-1

I have the following strings, which always follow a standard format:

'On 10/31/2018, Sally Brown picked 25 apples at the orchard.'
'On 11/01/2018, John Smith picked 12 peaches at the orchard.'
'On 09/15/2018, Jim Roe picked 10 pears at the orchard.'

I want to extract certain data fields into a series of lists:

['10/31/2018','Sally Brown','25','apples']
['11/01/2018','John Smith','12','peaches']
['09/15/2018','Jim Roe','10','pears']

As you can see, I need some of the sentence structure to be recognized, but not captured, so the program has context for where the data is located. The Regex that I thought would work is:

(?<=On\s)\d{2}\/\d{2}\/\d{4},\s(?=[A-Z][a-z]+\s[A-Z][a-z]+)\s.+?(?=\d+)\s(?=[a-z]+)\sat\sthe\sorchard\.

But of course, that is incorrect somehow.

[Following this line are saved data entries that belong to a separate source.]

Lemma uc_derive i x : (i < n)%nat -> 0 < x < 1 -> is_derive (uc i) x (- uc i x * S x - lam).
Proof.
  intros Hi Hx. assert (Hx01 : in01 x) by (unfold in01; lra).
  replace (- uc i x * S x - lam) with (y'' i x).
  - apply is_derive_clamp; [apply y_reg, Hi | exact Hx].
  - unfold S, uc. rewrite clamp_id by exact Hx01. rewrite <- (ode i x Hi Hx01). ring.
Qed.

Lemma Y_derive x : 0 < x < 1 -> is_derive Y x (S x).
Proof.
  intros Hx. apply (is_derive_rsum n (fun k t => INR (dd k) * yc k t)). intros k Hk.
  apply is_derive_scal, yc_derive; assumption.
Qed.

Lemma S_derive x : 0 < x < 1 -> is_derive S x (- S x ^ 2 - mu).
Proof.
  intros Hx.
  replace (- S x ^ 2 - mu)
    with (rsum n (fun k => INR (dd k) * (- uc k x * S x - lam))).
  - apply (is_derive_rsum n (fun k t => INR (dd k) * uc k t)). intros k Hk.
    apply is_derive_scal, uc_derive; assumption.
  - rewrite (rsum_ext n _ (fun k => (- S x) * (INR (dd k) * uc k x) + (- lam) * INR (dd k)))
      by (intros; ring).
    rewrite rsum_lincomb. unfold mu, D. fold (S x). ring.
Qed.

Let energy t := (S t ^ 2 + mu) * exp (Y t) ^ 2.
Let E := energy 0.

Lemma energy_const x : in01 x -> energy x = E.
Proof.
  intros Hx. apply (eq_of_derive_zero_01 energy (fun _ => 0)); try easy.
  - intros t _. unfold energy. auto_continuous.
  - intros t Ht. pose proof (S_derive t Ht). pose proof (Y_derive t Ht).
    unfold energy. auto_derive_from_context. ring.
Qed.

Let V i t := (uc i t - S t / D) * exp (Y t).

Lemma V_const i x : (i < n)%nat -> in01 x -> V i x = V i 0.
Proof.
  intros Hi Hx. apply (eq_of_derive_zero_01 (V i) (fun _ => 0)); try easy.
  - intros t _. unfold V. auto_continuous.
  - intros t Ht. pose proof (S_derive t Ht). pose proof (Y_derive t Ht).
    pose proof (uc_derive i t Hi Ht).
    unfold V. auto_derive_from_context. unfold mu. field. exact D_neq0.
Qed.

Let a i := V i 0.
Let A := rsum n (fun i => INR (dd i) * a i ^ 2).

Lemma uc_sub_mean i x : (i < n)%nat -> in01 x -> uc i x - S x / D = a i / exp (Y x).
Proof.
  intros Hi Hx. unfold a. rewrite <- (V_const i x Hi Hx). unfold V.
  field. split; [exact D_neq0 | apply Rgt_not_eq, exp_pos].
Qed.

Lemma A_nonneg : 0 <= A.
Proof.
  apply rsum_nonneg. intros k Hk. pose proof (dd_ge1 k Hk). pose proof (pow2_ge_0 (a k)). nra.
Qed.

Lemma a_sq_le_A i : (i < n)%nat -> a i ^ 2 <= A.
Proof.
  intros Hi. apply Rle_trans with (INR (dd i) * a i ^ 2).
  - pose proof (dd_ge1 i Hi). pose proof (pow2_ge_0 (a i)). nra.
  - apply (rsum_term_le n (fun k => INR (dd k) * a k ^ 2)); [|exact Hi].
    intros k Hk. pose proof (dd_ge1 k Hk). pose proof (pow2_ge_0 (a k)). nra.
Qed.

This may be a simple question for someone, but I'm having trouble finding the answer. Thanks in advance, and someday when I'm more skilled I'll pay it forward on here.

Alex Heebs
  • 438
  • 1
  • 3
  • 12
  • 2
    Do you just need anything starting with data and the number after that? – Ashok KS Oct 31 '18 at 04:33
  • 1
    Really not a whole lot of information to go off of, but a start: `u\w+?\\\(.*?)\\\` [Live](https://regex101.com/r/HGOTeT/1) – K.Dᴀᴠɪs Oct 31 '18 at 04:33
  • `re.findall('data\d',string)` should fetch you the list. – Ashok KS Oct 31 '18 at 04:36
  • Well, I'm using data1 and data2 as stand-ins for the actual data (because the actual string I want to analyze is huge). But basically, I need the "\u0025" items to recognized by Regex, but not captured by it (because they are the only markers that indicate where the data fields are). I want a Regex that says "Ah, here's a pattern, data comes next," then grabs that data. – Alex Heebs Oct 31 '18 at 04:42
  • OP, I'd like to refer you to the following meta post: https://meta.stackoverflow.com/questions/285733/should-give-me-a-regex-that-does-x-questions-be-closed – Mad Physicist Oct 31 '18 at 04:42
  • I'm not asking for someone to build me a Regex. But I'm having trouble finding an answer to what concept would apply to a "pattern.for.refference-data.to.capture-pattern.for.refference-data.to.capture" type string. – Alex Heebs Oct 31 '18 at 04:46
  • I'm not clear on what you *are* asking then. Would you mind updating your question to include what you expect as an answer? – Mad Physicist Oct 31 '18 at 06:22
  • Ok. I thought of a much simpler way to present, so I'll change. – Alex Heebs Oct 31 '18 at 06:23
  • And in response to your comment about not having read the docs, I highly recommend that you do. More than the documentation of the re module, which is excellent, you may want to check out the howto intro: https://docs.python.org/3/howto/regex.html – Mad Physicist Oct 31 '18 at 06:25
  • Question modified – hope it's better now. Thanks for the feedback. – Alex Heebs Oct 31 '18 at 06:44
  • 1
    Is this something you need? https://regex101.com/r/YY2KDp/2 – Asunez Oct 31 '18 at 09:36

1 Answers1

1

use \w+ to match any word or [a-zA-Z0-9_]

import re

str = ''''On 10/31/2018, Sally Brown picked 25 apples at the orchard.'
'On 11/01/2018, John Smith picked 12 peaches at the orchard.'
'On 09/15/2018, Jim Roe picked 10 pears at the orchard.'''

arr = re.findall('On\s(.*?),\s(\w+\s\w+)\s\w+\s(\d+)\s(\w+)', str)
print arr

# [('10/31/2018', 'Sally Brown', '25', 'apples'),
# ('11/01/2018', 'John Smith', '12', 'peaches'),
# ('09/15/2018', 'Jim Roe', '10', 'pears')]
ewwink
  • 15,852
  • 2
  • 35
  • 50